Однажды к его блиндажу вышла такая группа — человек десять, последние из какого-то полка, и вёл их майор, едва держащийся на ногах, с почерневшим от голода лицом. Корнев принял их, накормил, перевязал, отогрел. И майор, отогревшись, цепляясь за его рукав, говорил, говорил, будто боялся не успеть рассказать:
— Там… там армия гибнет, доктор. Командующий с нами до последнего… не бросил, не улетел, хотя самолёт присылали за ним — отказался, остался со своими. Сказал: я солдат, с солдатами останусь. А мы… мы патроны последние… траву едим, кору… Пробейтесь к нам, доктор! Слышите⁈ Пробейтесь, там же тысячи ещё, живых!
Корнев держал его за руки и не знал, что сказать. Сказать «пробьёмся»? Он знал, что нет. Сказать правду — что армия обречена, что командующий застрелится в апреле, что тысячи, о которых молит этот майор, почти все останутся в этих лесах навсегда? Нельзя. Невозможно.

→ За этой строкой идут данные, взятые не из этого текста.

Lemma supp_cyc3 : supp (cyc3 a b c) = [set a; b; c].
Proof.
apply/setP=> x; rewrite !inE.
have [->|xa] := eqVneq x a; first by rewrite cyc3L eq_sym ab.
have [->|xb] := eqVneq x b; first by rewrite cyc3M eq_sym bc.
have [->|xc] := eqVneq x c; first by rewrite cyc3R ac.
by rewrite cyc3D ?eqxx.
Qed.

End Cyc3.

Lemma cyc3_rot a b c : a != b -> b != c -> a != c -> cyc3 a b c = cyc3 b c a.
Proof.
move=> ab bc ac; have ba : b != a by rewrite eq_sym.
have ca : c != a by rewrite eq_sym.
apply/permP=> x.
have [->|xa] := eqVneq x a; first by rewrite cyc3L // cyc3R.
have [->|xb] := eqVneq x b; first by rewrite cyc3M // cyc3L.
have [->|xc] := eqVneq x c; first by rewrite cyc3R // cyc3M.
by rewrite !cyc3D.
Qed.

Lemma cyc3_mulV a b c d : uniq [:: a; b; c; d] ->
  cyc3 a b c * (cyc3 a b d)^-1 = cyc3 b c d.
Proof.
rewrite /= !inE !negb_or -!andbA andbT => /and5P[ab ac ad bc /andP[bd cd]].
have [ba ca da] : [/\ b != a, c != a & d != a] by split; rewrite eq_sym.
have [cb db dc] : [/\ c != b, d != b & d != c] by split; rewrite eq_sym.
rewrite cyc3V; apply/permP=> x; rewrite permM.
have [->|xa] := eqVneq x a; first by rewrite cyc3L // cyc3R // cyc3D.
have [->|xb] := eqVneq x b; first by rewrite cyc3M // cyc3D // cyc3L.
have [->|xc] := eqVneq x c; first by rewrite cyc3R // cyc3L // cyc3M.
have [->|xd] := eqVneq x d; first by rewrite [cyc3 a b c d]cyc3D // cyc3M // cyc3R.
by rewrite !cyc3D.
Qed.

End Support.

Section Squares.
Variables (T : finType) (adj : rel T).
Implicit Types (a b c d u v w x : T) (C : {set {set T}}).

Definition square a b c d : {set {set T}} :=
  [set [set a; b]; [set b; c]; [set c; d]; [set d; a]].

Definition is_square a b c d : bool :=
  [&& [&& a != b, a != c, a != d, b != c, b != d & c != d],
      adj a b, adj b c, adj c d & adj d a].

Definition on_4cycle u v w C : Prop :=
  is_4cycle adj C /\
  [/\ u \in cycle_vertices C, v \in cycle_vertices C & w \in cycle_vertices C].

Lemma cover_square a b c d x :
  (x \in cover (square a b c d)) = [|| x == a, x == b, x == c | x == d].
Proof.
apply/bigcupP/idP=> [[e] | ].
  by rewrite /square !inE -!orbA => /or4P[]/eqP->; rewrite !inE => /orP[]/eqP->; rewrite eqxx ?orbT.
by case/or4P=> /eqP->;
  [exists [set a; b] | exists [set b; c] | exists [set c; d] | exists [set d; a]];
  rewrite !inE ?eqxx ?orbT.
Qed.

Lemma squareC a b c d : square a b c d = square b c d a.
Proof. by apply/setP=> e; rewrite /square !inE -!orbA orbC -!orbA. Qed.

Lemma square_rev a b c d : square a b c d = square a d c b.
Proof.
rewrite /square [[set a; d]]setUC [[set d; c]]setUC [[set c; b]]setUC [[set b; a]]setUC.
apply/setP=> e; rewrite !inE -!orbA.
by apply/idP/idP=> /or4P[]/eqP->; rewrite eqxx ?orbT.
Qed.

Lemma square_neq a b b' c d : b \notin [:: a; b'; c; d] -> square a b c d != square a b' c d.
Proof.
apply: contraNneq=> E; have : b \in cover (square a b c d) by rewrite cover_square eqxx orbT.
by rewrite E cover_square !inE.
Qed.

Lemma is_square_rot a b c d : is_square a b c d -> is_square b c d a.
Proof.
case/and5P=> /and5P[ab ac ad bc /andP[bd cd]] *; apply/and5P; split=> //.
by rewrite bc bd cd /= ![_ == a]eq_sym ab ac ad.
Qed.

Lemma square_is_4cycle a b c d : is_square a b c d -> is_4cycle adj (square a b c d).
Proof. by case/and5P=> dist *; exists a, b, c, d. Qed.

Hypothesis adj_sym : symmetric adj.

Lemma is_4cycle_opposite C u v w :
  is_4cycle adj C -> u \in cycle_vertices C -> v \in cycle_vertices C ->
  w \in cycle_vertices C -> u != v -> u != w -> v != w -> ~~ adj v w ->
  exists x, [/\ adj v x, adj x w, x != u & C = square u v x w].
Proof.
case=> a [b [c [d [dist [ab bc cd da] ->]]]].
have : is_square a b c d by apply/and5P.
clear dist ab bc cd da; rewrite /cycle_vertices -/(square a b c d).
wlog -> : a b c d / u = a => [base sq hu|].
  move: (hu); rewrite cover_square => /or4P[]/eqP eu; move: hu.
  - exact: base.
  - by rewrite squareC; apply: base eu (is_square_rot sq).
  - by rewrite 2!squareC; apply: base eu (is_square_rot (is_square_rot sq)).
  by rewrite 3!squareC; apply: base eu (is_square_rot (is_square_rot (is_square_rot sq))).
move=> /and5P[/and5P[_ ac _ _ _] _ bc cd _]; rewrite !cover_square => _.
move=> /or4P[]/eqP-> /or4P[]/eqP-> uv uw vw nadj; rewrite ?eqxx // in uv uw vw.
all: try by move: nadj; rewrite ?(adj_sym c b) ?(adj_sym d c) ?bc ?cd.
  by exists c; rewrite eq_sym ac.
by exists c; rewrite (adj_sym d c) (adj_sym c b) eq_sym ac square_rev.
Qed.

End Squares.

Section ThreeCycles.
Variable n : nat.
Local Notation S := (three_cycles n).
Implicit Types (p q r s t w : 'S_n) (a b c x : 'I_n).

Lemma three_cyclesP p :
  reflect (exists a b c, [/\ a != b, b != c, a != c & p = cyc3 a b c]) (p \in S).
Proof.
rewrite inE; apply: (iffP existsP) => [[a /existsP[b /existsP[c]]] | [a [b [c [ab bc ac ->]]]]].
  case/and4P=> ab bc ac /and4P[/eqP pa /eqP pb /eqP pc /forallP pfix].
  exists a, b, c; split=> //; apply/permP=> x.
  have [->|xa] := eqVneq x a; first by rewrite cyc3L.
  have [->|xb] := eqVneq x b; first by rewrite cyc3M.
  have [->|xc] := eqVneq x c; first by rewrite cyc3R.
  by rewrite cyc3D //; apply/eqP/(implyP (pfix x)); rewrite xa xb xc.
exists a; apply/existsP; exists b; apply/existsP; exists c.
rewrite ab bc ac cyc3L // cyc3M // cyc3R // !eqxx /=.
by apply/forallP=> x; apply/implyP=> /and3P[xa xb xc]; rewrite cyc3D.
Qed.

Lemma cyc3_three_cycles a b c : a != b -> b != c -> a != c -> cyc3 a b c \in S.
Proof. by move=> ab bc ac; apply/three_cyclesP; exists a, b, c. Qed.

Lemma card_supp_three_cycle p : p \in S -> #|supp p| = 3.
Proof.
case/three_cyclesP=> a [b [c [ab bc ac ->]]].
by rewrite supp_cyc3 // -setUA cardsU1 cards2 !inE negb_or ab ac bc.
Qed.

Lemma three_cycle_neq1 p : p \in S -> p != 1.
Proof.
case/three_cyclesP=> a [b [c [ab bc ac ->]]]; apply/eqP=> /permP/(_ a)/eqP.
by rewrite cyc3L // perm1 eq_sym (negbTE ab).
Qed.

Lemma three_cyclesV p : p \in S -> p^-1 \in S.
Proof.
by case/three_cyclesP=> a [b [c [ab bc ac ->]]]; rewrite cyc3V cyc3_three_cycles // eq_sym.
Qed.

Lemma three_cyclesJ p q : p \in S -> p ^ q \in S.
Proof.
case/three_cyclesP=> a [b [c [ab bc ac ->]]].
by rewrite cyc3J cyc3_three_cycles ?(inj_eq perm_inj).
Qed.

Lemma three_cycles_Alt p : p \in S -> p \in Alt 'I_n.
Proof. by case/three_cyclesP=> a [b [c [ab bc ac ->]]]; rewrite Alt_even odd_cyc3. Qed.

Lemma three_cycle_at p a : p \in S -> a \in supp p ->
  [/\ a != p a, p a != p (p a), a != p (p a) & p = cyc3 a (p a) (p (p a))].
Proof.
case/three_cyclesP=> x [y [z [xy yz xz ->]]].
have [yx zy zx] : [/\ y != x, z != y & z != x] by split; rewrite eq_sym.
rewrite supp_cyc3 // !inE -orbA => /or3P[]/eqP->.
- by rewrite cyc3L // cyc3M.
- by rewrite cyc3M // cyc3R // [cyc3 x y z]cyc3_rot.
by rewrite cyc3R // cyc3L // [cyc3 x y z]cyc3_rot // [cyc3 y z x]cyc3_rot.
Qed.

Lemma supp_three_cycle p a : p \in S -> a \in supp p -> supp p = [set a; p a; p (p a)].
Proof. by move=> pS ap; have [? ? ? pE] := three_cycle_at pS ap; rewrite {1}pE supp_cyc3. Qed.

Lemma three_cycle_inv p : p \in S -> p^-1 = p * p.
Proof.
move=> pS; apply/permP=> a; rewrite permM; apply: (canLR (permK p)).
have [ap | ] := boolP (a \in supp p); last by rewrite inE negbK => /eqP pa; rewrite !pa.
have [ab bc ac pE] := three_cycle_at pS ap.
by rewrite {1}pE cyc3R.
Qed.

Lemma eq_three_cycles p q a : p \in S -> q \in S -> a \in supp p ->
  p a = q a -> p (p a) = q (p a) -> p = q.
Proof.
move=> pS qS ap pqa pqpa; have aq : a \in supp q by move: ap; rewrite !inE pqa.
have [_ _ _ ->] := three_cycle_at pS ap; have [_ _ _ ->] := three_cycle_at qS aq.
by rewrite -pqa pqpa.
Qed.

Lemma eq_three_cycles_commute p q a : p \in S -> q \in S -> commute p q ->
  a \in supp p -> p a = q a -> p = q.
Proof.
move=> pS qS pq ap pqa; apply: (eq_three_cycles pS qS ap pqa).
by rewrite {1}pqa -permM -pq permM.
Qed.

Lemma commute_three_cycles_disjoint p q : p \in S -> q \in S -> commute p q ->
  p != q -> p * q != 1 -> [disjoint supp p & supp q].
Proof.
move=> pS qS pq neq_pq pq1; apply/pred0P=> a /=; apply/negbTE/negP=> /andP[ap aq].
have : p a \in supp q by move: aq; rewrite !inE -permM pq permM (inj_eq perm_inj).
rewrite (supp_three_cycle qS aq) !inE -orbA => /or3P[]/eqP pa.
- by move: ap; rewrite inE pa eqxx.
- by case/eqP: neq_pq; apply: eq_three_cycles_commute pa.
case/eqP: pq1; rewrite (eq_three_cycles_commute pS (three_cyclesV qS) (commuteV pq) ap) ?mulVg //.
by rewrite three_cycle_inv // permM.
Qed.

Lemma eq_three_cycles_agree p r w a : p \in S -> r \in S ->
  {in supp p, w =1 p} -> {in supp r, w =1 r} -> a \in supp p -> a \in supp r -> p = r.
Proof.
move=> pS rS wp wr ap ar; have pra : p a = r a by rewrite -wp // wr.
apply: (eq_three_cycles pS rS ap pra).
by rewrite -wp ?supp_perm // pra wr ?supp_perm.
Qed.

Lemma card_supp_mul_disjoint p q : p \in S -> q \in S -> [disjoint supp p & supp q] ->
  #|supp (p * q)| = 6.
Proof.
move=> pS qS pq; rewrite supp_disjointM //.
have := leq_card_setU (supp p) (supp q); rewrite pq !card_supp_three_cycle //.
by case=> _ /eqP.
Qed.

Lemma mul_disjoint_three_cycles p q : p \in S -> q \in S -> [disjoint supp p & supp q] ->
  p * q \notin S.
Proof.
by move=> pS qS pq; apply/negP=> /card_supp_three_cycle; rewrite card_supp_mul_disjoint.
Qed.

— Делаем всё, что можем, — сказал он тихо. — Бьёмся навстречу. Каждый день.
И это было правдой — и было ничтожно мало против того, что он знал.
Деблокада не удалась. Коридор пробить не смогли — ни их дивизия, ни вся армия, что билась рядом. Кольцо не разжали. И Корнев, принимая немногих выходящих из него, спасая этих немногих, вытаскивая их с того света по одному, нёс в себе страшное знание о тысячах, которых не спасёт никто, и о командующем, который через несколько недель, в апреле, в этих самых лесах, не пожелав плена, поднесёт к виску пистолет.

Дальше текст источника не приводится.